Может, я плохо спала, а может, мне в голову, помимо моей воли, залетела некая дурная мысль, только при виде их я в то утро испытала неприятное чувство. Например, мне показалось, что Элена тупо, как заведенная, повторяет одни и те же движения: сперва поливает ноги матери, потом куклу, потом спрашивает у обеих, хватит или не хватит, а когда обе отвечают “нет”, разворачивается и снова шествует к воде. А Нина, по моему мнению, вела себя слишком жеманно: она говорила “мяу”, выражая удовольствие, потом снова мяукала, но на иной лад, как будто этот звук издавала кукла, затем вздыхала – и все повторялось снова.
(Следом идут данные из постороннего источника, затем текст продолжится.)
(* Let $\mathbf{A}\in\mathbb{R}^{m\times n}$, $l=\min\{m,n\}$, $r=\mathrm{rank}(\mathbf{A})$, $\mu,\nu\in[0,\infty)$, and define $\lambda\in[0,\infty]$ by $\lambda^2=0$ if $\mu=0$; $\lambda^2=\mu^2/|\mathbf{A}\mathbf{A}^T|^\nu$ if $\mu>0$ and $|\mathbf{A}\mathbf{A}^T|^\nu>0$; and $\lambda^2=\infty$ if $\mu>0$ and $|\mathbf{A}\mathbf{A}^T|^\nu=0$. Let $\sigma_1\ge\cdots\ge\sigma_l\ge0$ be the singular values of $\mathbf{A}$. Then $\|\mathbf{A}^{*(\lambda)}\|\le\min\{M_1,M_2\}$, where $M_1=0$ if $\mathbf{A}=\mathbf{0}$ and $M_1=1/\sigma_r$ if $\mathbf{A}\neq\mathbf{0}$, and $M_2=\infty$ if $\mu=0$ and $M_2=\frac{1}{2\mu}\prod_{i=1}^l\sigma_i^\nu$ if $\mu>0$. Moreover, if $\mu>0$ then $\|\mathbf{A}^{*(\lambda)}\|\le\frac{1}{2\mu}\|\mathbf{A}\|^{\nu l}$.
   Context: $|\cdot|$ denotes the determinant, with the convention $0^0=1$. $\|\cdot\|$ is the spectral norm. For $\lambda\in[0,\infty]$ the (extended) damped pseudoinverse is $\mathbf{A}^{*(\lambda)}=\mathbf{A}^T(\mathbf{A}\mathbf{A}^T+\lambda^2\mathbf{I}_m)^+$ if $\lambda<\infty$ and $\mathbf{A}^{*(\infty)}=\mathbf{0}\in\mathbb{R}^{n\times m}$, where ${}^+$ is the Moore–Penrose pseudoinverse. *)

From HB Require Import structures.
From Stdlib Require Import Reals Lra ClassicalEpsilon FunctionalExtensionality.
From mathcomp Require Import all_boot all_order all_algebra.

Set Implicit Arguments.
Unset Strict Implicit.
Unset Printing Implicit Defensive.

Definition R_eqb (x y : R) : bool := if Req_EM_T x y then true else false.

Lemma R_eqP : Equality.axiom R_eqb.
Proof. move=> x y; rewrite /R_eqb; case: Req_EM_T => h; by constructor. Qed.

HB.instance Definition _ := hasDecEq.Build R R_eqP.

Definition R_find (P : pred R) (n : nat) : option R :=
  match excluded_middle_informative (exists x, P x) with
  | left h => Some (proj1_sig (constructive_indefinite_description _ h))
  | right _ => None
  end.

Lemma R_find_correct P n x : R_find P n = Some x -> P x.
Proof.
rewrite /R_find; case: excluded_middle_informative => // h [<-].
exact: proj2_sig (constructive_indefinite_description _ h).
Qed.

Lemma R_find_complete (P : pred R) : (exists x, P x) -> exists n, R_find P n.
Proof. move=> h; exists 0%N; rewrite /R_find; by case: excluded_middle_informative. Qed.

Lemma R_find_ext (P Q : pred R) : P =1 Q -> R_find P =1 R_find Q.
Proof. by move=> /functional_extensionality ->. Qed.

HB.instance Definition _ :=
  hasChoice.Build R R_find_correct R_find_complete R_find_ext.

Lemma R_addA : associative Rplus. Proof. move=> *; ring. Qed.
Lemma R_addC : commutative Rplus. Proof. move=> *; ring. Qed.
Lemma R_add0 : left_id R0 Rplus. Proof. move=> *; ring. Qed.
Lemma R_addN : left_inverse R0 Ropp Rplus. Proof. move=> *; ring. Qed.

HB.instance Definition _ := GRing.isZmodule.Build R R_addA R_addC R_add0 R_addN.
(* [sqrt (1 + h) - 1 <= h / 2] with [h = 1 / (2 K)]. *)
Lemma nu_prefactor_ge K : (1 <= K)%nat ->
  8 * PI * INR (S K) * INR K ^ 3 <=
  PI * INR (S K) * (INR (S K) - 1) / (2 * (sqrt (1 + / (2 * (INR (S K) - 1))) - 1) ^ 2).
Proof.
  intros HK. replace (INR (S K) - 1) with (INR K) by (rewrite S_INR; ring).
  assert (HK1 : 1 <= INR K) by (apply (le_INR 1); lia).
  assert (HPI : 0 < PI) by apply PI_RGT_0.
  set (h := / (2 * INR K)).
  assert (Hh : 0 < h) by (apply Rinv_0_lt_compat; lra).
  assert (hK : h * INR K = / 2) by (unfold h; field; lra).
  assert (Hu : sqrt (1 + h) <= 1 + h / 2)
    by (rewrite <- (sqrt_pow2 (1 + h / 2)) by lra; apply sqrt_le_1_alt; nra).
  assert (Hl : 1 < sqrt (1 + h))
    by (pose proof (sqrt_lt_1_alt 1 (1 + h) ltac:(lra)) as H; rewrite sqrt_1 in H; lra).
  set (d := sqrt (1 + h) - 1).
  assert (Hd0 : 0 < d) by (unfold d; lra).
  assert (Hd2 : 0 < d ^ 2) by (apply pow_lt; lra).
  assert (Hd2' : d ^ 2 <= h * h / 4) by (unfold d; nra).
  assert (HSK : 0 < INR (S K)) by (apply lt_0_INR; lia).
  assert (Hc : 0 <= 8 * PI * INR (S K) * INR K ^ 3)
    by (apply Rmult_le_pos; [nra|apply pow_le; lra]).
  apply Rmult_le_reg_r with (2 * d ^ 2); [lra|].
  replace (PI * INR (S K) * INR K / (2 * d ^ 2) * (2 * d ^ 2)) with (PI * INR (S K) * INR K)
    by (field; lra).
  apply Rle_trans with (8 * PI * INR (S K) * INR K ^ 3 * (2 * (h * h / 4))).
  - apply Rmult_le_compat_l; lra.
  - replace (8 * PI * INR (S K) * INR K ^ 3 * (2 * (h * h / 4)))
      with (PI * INR (S K) * INR K * (4 * (h * INR K) * (h * INR K))) by field.
    rewrite hK. lra.
Qed.

(* The Gamma factor is absorbed by [G^(2/K) <= S K], and [M < (N + 1)^K] gives
   [M^(-2/K) > (N + 1)^(-2)]. *)
Lemma rpower_factor_ge K M N : (1 <= K)%nat -> (1 <= N)%nat -> (M < (N + 1) ^ K)%nat ->
  (1 <= M)%nat ->
  / (INR (S K) * (INR N + 1) ^ 2)
  <= Rpower (2 * INR (S K) / gamma_half K) (2 / INR K) * Rpower (INR (S K * M)) (- (2 / INR K)).
Proof.
  intros HK HN HMN HM.
  destruct (gamma_half_bound K) as [HG0 HG1].
  set (n := INR (S K)) in *. set (G := gamma_half K) in *. set (k := INR K) in *.
  assert (Hk : 1 <= k) by (apply (le_INR 1); lia).
  assert (Hn : n = k + 1) by apply S_INR.
  assert (HNr : 1 <= INR N) by (apply (le_INR 1); lia).
  assert (HMr : 1 <= INR M) by (apply (le_INR 1); lia).
  assert (Hln2 : 0 <= ln 2) by (rewrite <- ln_1; apply ln_le_compat; lra).
  assert (Hlnn : 0 <= ln n) by (rewrite <- ln_1; apply ln_le_compat; lra).
  assert (HlnG : 2 / k * ln G <= ln n).
  { apply ln_le_compat in HG1; auto. rewrite <- Hn, ln_pow in HG1 by
      (apply sqrt_lt_R0; lra).
    assert (Hs : 2 * ln (sqrt n) = ln n).
    { rewrite <- (sqrt_sqrt n) at 2 by lra. rewrite ln_mult by (apply sqrt_lt_R0; lra). lra. }
    apply Rmult_le_reg_l with (k / 2); [lra|].
    replace (k / 2 * (2 / k * ln G)) with (ln G) by (field; lra).
    fold k in HG1. rewrite <- Hs. lra. }
  assert (HlnM : 2 / k * ln (INR M) <= 2 * ln (INR N + 1)).
  { apply lt_INR in HMN. rewrite pow_INR, plus_INR in HMN. simpl in HMN.
    apply ln_increasing in HMN; [|lra]. rewrite ln_pow in HMN by lra. fold k in HMN.
    apply Rmult_le_reg_l with (k / 2); [lra|].
    replace (k / 2 * (2 / k * ln (INR M))) with (ln (INR M)) by (field; lra).
    replace (k / 2 * (2 * ln (INR N + 1))) with (k * ln (INR N + 1)) by (field; lra). lra. }
  assert (H2k : 0 <= 2 / k * ln 2) by (apply Rmult_le_pos; [apply Rlt_le, Rdiv_lt_0_compat|]; lra).
  assert (E1 : ln (2 * n / G) = ln 2 + ln n - ln G).
  { unfold Rdiv. rewrite !ln_mult, ln_Rinv; try apply Rinv_0_lt_compat; lra. }
  assert (E2 : ln (INR (S K * M)) = ln n + ln (INR M)) by (rewrite mult_INR; apply ln_mult; lra).
  assert (HD : 0 < n * (INR N + 1) ^ 2) by (apply Rmult_lt_0_compat; [|apply pow_lt]; lra).
  assert (E3 : ln (/ (n * (INR N + 1) ^ 2)) = - (ln n + 2 * ln (INR N + 1))).
  { rewrite ln_Rinv, ln_mult, ln_pow by (try apply pow_lt; lra). simpl INR. ring. }
  unfold Rpower. rewrite <- exp_plus, <- (exp_ln (/ (n * (INR N + 1) ^ 2)))
    by (apply Rinv_0_lt_compat; lra).
  apply exp_le_compat. rewrite E1, E2, E3. nra.
Qed.

Lemma quantization_loss_le_nu K M N : (1 <= K)%nat -> (1 <= N)%nat -> (1 <= M)%nat ->
  (M < (N + 1) ^ K)%nat ->
  quantization_loss K N <= nu (S K) * Rpower (INR (S K * M)) (- (2 / (INR (S K) - 1))).
Proof.
  intros HK HN HM HMN.
  pose proof (nu_prefactor_ge K HK) as Hpre.
  pose proof (rpower_factor_ge K M N HK HN HMN HM) as Hpow.
  unfold nu, quantization_loss. replace (S K - 1)%nat with K by lia.
  replace (INR (S K) - 1) with (INR K) in * by (rewrite S_INR; ring).
  set (FF := PI * INR (S K) * INR K / _) in *.
  set (P := Rpower _ _ * Rpower _ _) in Hpow.
  replace (FF * Rpower (2 * INR (S K) / gamma_half K) (2 / INR K)
             * Rpower (INR (S K * M)) (- (2 / INR K))) with (FF * P) by (unfold P; ring).
  set (n := INR (S K)) in *. set (k := INR K) in *.
  assert (Hk : 1 <= k) by (apply (le_INR 1); lia).
  assert (Hn : n = k + 1) by apply S_INR.
  assert (HNr : 1 <= INR N) by (apply (le_INR 1); lia).
  assert (HPI : 3 < PI) by (pose proof PI2_3_2; lra).
  assert (HD : / (n * (INR N + 1) ^ 2) >= / (4 * n * (INR N * INR N))).
  { apply Rle_ge, Rinv_le_contravar; [apply Rmult_lt_0_compat; [|apply pow_lt]; lra|].
    replace (4 * n * (INR N * INR N)) with (n * (4 * (INR N * INR N))) by ring.
    apply Rmult_le_compat_l; [lra|]. simpl. nra. }
  apply Rle_trans with (8 * PI * n * k ^ 3 * / (4 * n * (INR N * INR N))).
  - replace (8 * PI * n * k ^ 3 * / (4 * n * (INR N * INR N)))
      with (2 * PI * k ^ 3 / (INR N * INR N)) by (field; lra).
    unfold Rdiv. apply Rmult_le_compat_r; [left; apply Rinv_0_lt_compat; nra|].
    rewrite Hn. replace (k ^ 3) with (k * k * k) by ring. replace (k ^ 2) with (k * k) by ring.
    assert (k <= k * k) by nra. assert (k * k <= k * k * k) by nra.
    assert (6 * (k * k * k) <= 2 * PI * (k * k * k)) by nra. nra.
  - apply Rmult_le_compat; try lra.
    + apply Rmult_le_pos; [|apply pow_le]; nra.
    + left. apply Rinv_0_lt_compat. nra.
Qed.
У меня возникло подозрение, что она играет роль молодой и красивой матери не из любви к дочери, а для зрителей, для публики на пляже, для всех нас – женщин и мужчин, молодых и пожилых.

Обе они – и Нина, и кукла – были обильно политы водой. Мокрое тело женщины блестело под солнцем, сверкающие струйки из лейки промочили ей волосы, и они плотно облепили ее затылок и лоб. Кукла Нани, или Ниле, или Нена, была облита с такой же тщательностью, только почти вся вода с нее стекала и на песке рядом с синим пластиковым лежаком образовалось влажное темное пятно.
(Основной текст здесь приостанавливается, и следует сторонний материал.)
(* Let $\mathscr T$ be a functor satisfying (T1)–(T4). Then $\Psi$, defined on objects by $\Psi(\mathfrak K)=(\widetilde K,\preceq,{}^\perp)$ and on morphisms by $\Psi(\phi)=\phi|_{\widetilde K_1}$ for $\phi\colon\mathfrak K_1\to\mathfrak K_2$, is a functor from $\mathscr T\mathbb{ODA}$ to $\mathbb{COL}$.
   Context: An involutive unital quantale is $(Q,\bigsqcup,\odot,{}^*,e)$: complete join-semilattice $Q$, associative $\odot$ distributing over arbitrary joins in each argument, unit $e$, ${}^*$ with $x^{**}=x$, $(x\odot y)^*=y^*\odot x^*$, $(\bigsqcup x_i)^*=\bigsqcup x_i^*$. An involutive generalized dynamic algebra (IDA) is such a quantale with ${\sim}\colon K\to K$ satisfying, for all $x,y$ and families $(x_i)$: ${\sim}(x\odot{\sim}{\sim}y)={\sim}(x\odot y)$; ${\sim}(\bigsqcup{\sim}{\sim}x_i)={\sim}(\bigsqcup x_i)$; $({\sim}x)^*={\sim}x$; ${\sim}{\sim}({\sim}{\sim}x\odot y)={\sim}({\sim}x\sqcup{\sim}({\sim}x\sqcup y))$. Test set $\widetilde K=\{{\sim}k\}$; $\bigvee W={\sim}{\sim}\bigsqcup W$; $w^\perp={\sim}w$; $k\preceq l$ iff $\bigvee\{k,l\}=l$; $k\bullet v={\sim}{\sim}(k\odot v)$; $k\equiv l$ iff $k\bullet w=l\bullet w$ for all $w\in\widetilde K$. IDA morphisms preserve arbitrary joins, $\odot$, ${}^*$, unit, ${\sim}$ (category $\mathbb{IDA}$); semi-Foulis means $(\widetilde K,\preceq,{}^\perp)$ is a complete orthomodular lattice. $\mathbb{IM}$: involutive monoids and homomorphisms. For a complete orthomodular lattice $\mathcal M$: $\pi_m(x)=m\wedge(m^\perp\vee x)$; $\mathbf{Lin}(\mathcal M)$ is the set of maps $f$ admitting $f^*$ with $f(x)\le y^\perp\iff x\le f^*(y)^\perp$, an IDA under pointwise joins, composition, ${}^*$, $\mathrm{id}$, ${\sim}f=\pi_{f(1)^\perp}$. For an involutive submonoid $L\supseteq\{\pi_m\}$, $\mathscr P(L)$ is the IDA of subsets of $L$ with union, setwise composition and involution, unit $\{\mathrm{id}\}$, ${\sim}A=\{\pi_{(\bigvee_{a\in A}a(1))^\perp}\}$. $\mathscr T\colon\mathbb{IDA}\to\mathbb{IM}$ satisfies: (T1) $\widetilde K\subseteq\mathscr T(K)\subseteq K$, $\mathscr T(K)$ an involutive submonoid; (T2) for semi-Foulis $\mathfrak K$ with $s=t\iff s\equiv t$ on $\mathscr T(K)$, $k\mapsto k\bullet(-)$ is an isomorphism $\mathscr T(\mathfrak K)\to\mathscr T(\mathbf{Lin}(\widetilde{\mathfrak K}))$; (T3) $f\mapsto\{f\}$ is an isomorphism $\mathscr T(\mathbf{Lin}(\mathcal M))\to\mathscr T(\mathscr P(\mathscr T(\mathbf{Lin}(\mathcal M))))$; (T4) $\mathscr T(f)$ is the restriction of $f$. A $\mathscr T$-based orthomodular dynamic algebra is an IDA with: (TODA1) $(\widetilde K,\preceq,{}^\perp)$ a complete orthomodular lattice; (TODA2) every $A$ with $\mathscr T(K)\subseteq A\subseteq K$ closed under $\odot$, ${}^*$, arbitrary joins equals $K$; (TODA3) for $S,T\subseteq\mathscr T(K)$, $\bigsqcup S=\bigsqcup T$ iff $S=T$; (TODA4) for $s,t\in\mathscr T(K)$, $s=t$ iff $s\equiv t$. $\mathscr T\mathbb{ODA}$: these objects with bijective IDA morphisms. $\mathbb{COL}$: complete orthomodular lattices with ortholattice isomorphisms (bijections $g$ with $m\le n\iff g(m)\le g(n)$, $g(m^\perp)=g(m)^\perp$). *)

From Stdlib Require Import ClassicalEpsilon.
Set Implicit Arguments.
Unset Strict Implicit.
Я смотрела, как девочка ходит туда-сюда, и… даже не знаю, что на меня нашло… может, виной всему были эти игры с лейкой, а может, вид Нины, лежащей на солнце и с удовольствием выставляющей себя напоказ. Или голоса, да, скорее всего голоса матери и дочери, когда они говорили за куклу. Они делали это по очереди, а один раз даже вместе, голосом ребенка, подражающего взрослому, и взрослого, подражающего ребенку. Они, наверное, представляли себе, будто это один и тот же голос, исходящий изо рта безмолвной игрушки. Но мне никак не удавалось разделить с ними эту иллюзию: их дуэт вызывал у меня нарастающее отвращение. Конечно, я находилась от них на приличном расстоянии и это был мой выбор – следить за их игрой или нет, если нужно просто как-нибудь убить время. Однако я чувствовала себя не в своей тарелке, как будто у меня на глазах совершалось нечто гадкое, как будто часть меня неведомо почему требовала, чтобы за куклу говорил только один голос, чтобы они наконец решили, чей он будет – матери или дочери, и перестали притворяться, будто обе говорят одним и тем же голоском.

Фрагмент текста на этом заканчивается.